The Limits of a Decoupled Out-of-Order Supercalar Architecture
Graham Jones
Graduated Ph.D. July 1999
Abstract
This thesis presents a study into a technique for improving performance
in out-of-order superscalar architectures. It identifies three
technological trends limiting superscalar performance; they are the
increasing cost of a main memory access, control dependencies and the
greater hardware complexity of out-of-order execution.
Decoupling is a technique that can provide higher performance through the
mechanism of dynamically reordering, asynchronous instruction streams.
It offers the capability to improve ILP, through effective latency hiding
and dynamic scheduling, and to reduce hardware complexity, through
decentralised logic. This thesis evaluates this capability, by investigating
the effectiveness of decoupled out-of-order superscalar architectures.
This thesis identifies the degree to which operations can reorder (the
degree of reordering) as the critical dimension to an out-of-order
superscalar architecture. It investigates the effectiveness of
decoupling by focusing on those design issues that determine the degree
of reordering, and relaxes all other architectural constraints. This
approach allows us to establish the limitations of decoupled out-of-order
superscalar architectures.
This thesis shows that a decoupled architecture, through its dynamically
reordering instructions windows, provides a possible solution to the
problem of latency hiding and issue logic complexity. This thesis
demonstrates that for large memory latencies, a decoupled architecture
with 2 instruction streams is less sensitive to increases in memory
latency than a conventional single stream superscalar architecture.

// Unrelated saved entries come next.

(* Let $\mathbf{k}$ be a field and $f\in\mathrm{Aut}(\mathbb{A}^2_{\mathbf{k}})$ an automorphism of affine length $\ell_A(f)=n+1$ with $n\ge0$. Then there exist $\tau_1,\tau_2\in B$ and $i_1,\dots,i_n\in I$ such that $f=\tau_1\circ\sigma\circ i_1\circ\sigma\circ\cdots\circ\sigma\circ i_n\circ\sigma\circ\tau_2$. In particular $f^{-1}=\tau_2^{-1}\circ\sigma\circ i_n\circ\sigma\circ\cdots\circ\sigma\circ i_1\circ\sigma\circ\tau_1^{-1}$.
   Context: $A=\{(ax+by+c,a'x+b'y+c'): ab'-a'b\neq0\}$, $B=\{(ax+p(y),b'y+c'): a,b'\in\mathbf{k}^*, c'\in\mathbf{k}, p\in\mathbf{k}[y]\}$ (affine and Jonquières subgroups of $\mathrm{Aut}(\mathbb{A}^2_{\mathbf{k}})$), $\sigma=(y,x)$, and $I=\{(-x+p(y),y): p\in\mathbf{k}[y],\ \deg p\ge2\}$. Every $f$ admits an expression $f=t_1\circ a_1\circ t_2\circ\cdots\circ a_m\circ t_{m+1}$ with $a_i\in A\setminus(A\cap B)$, $t_1,t_{m+1}\in B$, $t_2,\dots,t_m\in B\setminus(A\cap B)$; the number $m$ is uniquely determined by $f$ and is its affine length $\ell_A(f)$. *)

From mathcomp Require Import all_boot all_algebra.
From mathcomp Require Import mpoly.
Set Implicit Arguments. Unset Strict Implicit. Unset Printing Implicit Defensive.
Import GRing.Theory.
Local Open Scope ring_scope.

Section A2.
Variable k : fieldType.

(* A polynomial endomorphism of A^2_k: a pair of polynomials in k[x,y],
   with x = 'X_0 and y = 'X_1. *)
Definition endo := ({mpoly k[2]} * {mpoly k[2]})%type.

Definition X : {mpoly k[2]} := 'X_(@ord0 1).
Definition Y : {mpoly k[2]} := 'X_(@ord_max 1).

Definition ecomp (f g : endo) : endo :=
  (f.1 \mPo [tuple g.1; g.2], f.2 \mPo [tuple g.1; g.2]).

Definition eid : endo := (X, Y).

Definition ecomp_list (s : seq endo) : endo := foldr ecomp eid s.

Definition is_inverse (f g : endo) : Prop := ecomp f g = eid /\ ecomp g f = eid.

Definition is_aut (f : endo) : Prop := exists g, is_inverse f g.

Definition in_y (p : {poly k}) : {mpoly k[2]} := \sum_(i < size p) p`_i *: Y ^+ i.

Definition inA (f : endo) : Prop :=
  exists a b c a' b' c' : k, a * b' - a' * b != 0 /\
    f = (a *: X + b *: Y + c%:MP, a' *: X + b' *: Y + c'%:MP).

Definition inB (f : endo) : Prop :=
  exists (a b' c' : k) (p : {poly k}), a != 0 /\ b' != 0 /\
    f = (a *: X + in_y p, b' *: Y + c'%:MP).

Definition inI (f : endo) : Prop :=
  exists p : {poly k}, (2 <= (size p).-1)%N /\ f = (- X + in_y p, Y).

Definition sigma : endo := (Y, X).

(* f = t1 o a1 o t2 o ... o a_m o t_{m+1}, with t1 = t0 and the list
   ats = [(a1,t2); ...; (a_m, t_{m+1})]. *)
Definition affine_decomp (f : endo) (t0 : endo) (ats : seq (endo * endo)) : Prop :=
  [/\ f = ecomp_list (t0 :: flatten (map (fun q : endo * endo => [:: q.1; q.2]) ats)),
      inB t0,
      (forall q, q \in ats -> inA q.1 /\ ~ inB q.1),
      (forall q, q \in behead (rev ats) -> inB q.2 /\ ~ inA q.2) &
      (forall q, last None (map Some ats) = Some q -> inB q.2)].

(* l_A(f) = m : f admits an expression as above with m affine factors
   (m is uniquely determined by f, as recalled in the paper). *)
Definition affine_length_is (f : endo) (m : nat) : Prop :=
  exists t0 ats, size ats = m /\ affine_decomp f t0 ats.

End A2.

From mathcomp Require Import all_boot all_algebra.
From mathcomp Require Import mpoly.
From mathcomp Require Import ring.
Set Implicit Arguments. Unset Strict Implicit. Unset Printing Implicit Defensive.
Import GRing.Theory.
Local Open Scope ring_scope.

(* An affine map outside B factors as l ∘ σ ∘ r with l, r affine maps of B, and
   a Jonquières map (a x + p(y), b y + c) with deg p >= 2 factors as i ∘ e with
   i in I and e = (-a x, b y + c), for which σ ∘ e ∘ σ is again an affine map of B.
   Substituting these factorizations into t_1 a_1 t_2 ... a_m t_(m+1) and pushing
   the affine leftovers from left to right, each inner t_j keeps degree >= 2 and
   contributes one element of I.  Since σ and the elements of I are involutions,
   the inverse of σ i_1 σ ... i_n σ is the reversed word σ i_n σ ... i_1 σ. *)

Lemma comp_mpolyA (R : comNzRingType) (n m l : nat) (p : {mpoly R[n]})
    (lq : n.-tuple {mpoly R[m]}) (lr : m.-tuple {mpoly R[l]}) :
  (p \mPo lq) \mPo lr = p \mPo [tuple tnth lq i \mPo lr | i < n].
Proof.
rewrite [p \mPo lq]comp_mpolyE raddf_sum /= [RHS]comp_mpolyE; apply: eq_bigr => m' _.
rewrite linearZ /= rmorph_prod; congr (_ *: _); apply: eq_bigr => i _.
by rewrite rmorphXn tnth_mktuple.
Qed.

Section Automorphisms.
Variable k : fieldType.

Local Notation σ := (sigma k).
(* Composition is locked: otherwise every failed match of a rewrite rule against
   a composite unfolds it into polynomial substitution, which is very costly. *)
Fact comp_key : unit. Proof. by []. Qed.
Definition comp : endo k -> endo k -> endo k := locked_with comp_key (@ecomp k).
Local Notation "f ∘ g" := (comp f g) (at level 41, right associativity).

Lemma compE : comp = @ecomp k.
Proof. exact: locked_withE. Qed.

Definition comp_list : seq (endo k) -> endo k := foldr comp (eid k).

Lemma ecomp_listE : @ecomp_list k = comp_list.
Proof. by rewrite /comp_list compE. Qed.

Lemma compA (f g h : endo k) : (f ∘ g) ∘ h = f ∘ g ∘ h.
Proof.
rewrite compE /ecomp /= !comp_mpolyA.
have -> : [tuple tnth [tuple g.1; g.2] i \mPo [tuple h.1; h.2] | i < 2] =
          [tuple g.1 \mPo [tuple h.1; h.2]; g.2 \mPo [tuple h.1; h.2]].
  by apply: eq_from_tnth => i; rewrite tnth_mktuple; case: i => [[|[|]]].
by [].
Qed.

Lemma comp_eidl (f : endo k) : eid k ∘ f = f.
Proof. by case: f => f1 f2; rewrite compE /ecomp /= /X /Y !comp_mpolyXU. Qed.

Lemma comp_eidr (f : endo k) : f ∘ eid k = f.
Proof.
case: f => f1 f2; rewrite compE /ecomp /eid /=.
have -> : [tuple X k; Y k] = [tuple 'X_i | i < 2].
  apply: eq_from_tnth => i; rewrite tnth_mktuple.
  by case: i => [[|[|]]] //= ?; rewrite /X /Y; congr 'X__; apply: val_inj.
by rewrite !comp_mpoly_id.
Qed.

The results also show that for memory latencies greater than 20 cycles,
a decoupled architecture can achieve a higher speedup than a conventional
superscalar architecture with twice the individual window sizes of a
decoupled unit. An explanation for this effect is provided through the
concept of the Effective Window Size.
The thesis also investigates a 3-stream decoupled superscalar architecture,
that provides dedicated hardware support for resolving control dependencies.
The results show that for the parititioning algorithm used in this thesis,
the load balancing is poor and the extra hardware resources are under
utilised. For this reason the majority of the thesis focuses on a
2 stream decoupled architecture.